▸ **AIM OF THE EXERCISE**
Keep only the lines that hold the string "predn", filtering out the rest of the entries below.

╭─ DATA RECORDS

Lemma P_symbol_data J g d : is_partition g -> bounded J g -> is_partition d -> bounded J d ->
  1 <= J -> size g = size d -> part g 1 = J - 1 -> part g 2 < part g 1 ->
  part d 1 = J -> 2 \notin d ->
  exists gl dl, [/\ P_data J gl dl, g = J.-1 :: gl & d = J :: dl].
Proof.
move=> hpg hbg hpd hbd hJ hsz.
case: g hpg hbg hsz => [|x gl] hpg hbg hsz; rewrite /part /= => // ex hlt.
case: d hpd hbd hsz => [|y dl] hpd hbd hsz //= ey hd2; subst y.
have hJ3 : 3 <= J.
  have : J != 2 by apply: contra hd2 => /eqP ->; rewrite mem_head.
  lia.
have -> : x = J.-1 by lia.
exists gl, dl; split => //; move: hpg hpd; rewrite !is_partition_cons.
case/and3P=> _ /andP[sgl pgl] _ /and3P[_ /andP[sdl pdl] _].
split => //.
- rewrite /decreasing_in sgl; apply/allP => y hy; rewrite (allP pgl) //=.
  suff : y <= nth 0 gl 0 by lia.
  by move: sgl hy; case: (gl) => [|z t] //=; rewrite inE => hs /orP[/eqP ->|/(allP (order_path_min geq_trans hs))].
- rewrite /decreasing_in sdl; apply/allP => y hy.
  by rewrite (allP pdl) // (allP (proj2 (andP hbd))).
- by apply: contra hd2; rewrite inE => ->; rewrite orbT.
- by case: hsz.
Qed.

Lemma Q4bar0_shape n l : Q4bar0 n l -> exists j al bl, Q_data j al bl /\ l = Q_shape j al bl.
Proof.
case=> /andP[hp _] [hj [hsz [ha1 [ha2 [hsa [hb1 [hb2 hsb]]]]]]].
have [hpa hba] := dsym_alpha_props (proj1 (andP hp)).
have [hpb hbb] := dsym_beta_props hp.
have [al [bl [hq ea eb]]] := Q_symbol_data hpa hba hpb hbb hj hsz ha1 ha2 hsa hb1 hb2 hsb.
by exists (durfee l), al, bl; rewrite /Q_shape -ea -eb of_dsym_dsym.
Qed.

Lemma P70_shape n l : P70 n l -> exists J gl dl, P_data J gl dl /\ l = P_shape J gl dl.
Proof.
case=> /andP[hp _] [_ [hj [hsz [hg1 [hg2 [hd1 hd2]]]]]].
have [hpg hbg] := dsym_alpha_props (proj1 (andP hp)).
have [hpd hbd] := dsym_beta_props hp.
have [gl [dl [hq eg ed]]] := P_symbol_data hpg hbg hpd hbd hj hsz hg1 hg2 hd1 hd2.
by exists (durfee l), gl, dl; rewrite /P_shape -eg -ed of_dsym_dsym.
Qed.

Definition gamma_of (bl : seq nat) : seq nat := map predn bl.
Definition delta_of (al bl : seq nat) : seq nat :=
  map succn al ++ nseq (size bl - size al) 1.
Definition alpha_of (dl : seq nat) : seq nat := map predn (filter (fun x => 1 < x) dl).
Definition beta_of (gl : seq nat) : seq nat := map succn gl.

Lemma map_pred_succ s : map predn (map succn s) = s.
Proof. by elim: s => //= x s ->. Qed.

╰─

▸ **EXERCISE OUTPUT**
Definition gamma_of (bl : seq nat) : seq nat := map predn bl.
Definition alpha_of (dl : seq nat) : seq nat := map predn (filter (fun x => 1 < x) dl).
Lemma map_pred_succ s : map predn (map succn s) = s.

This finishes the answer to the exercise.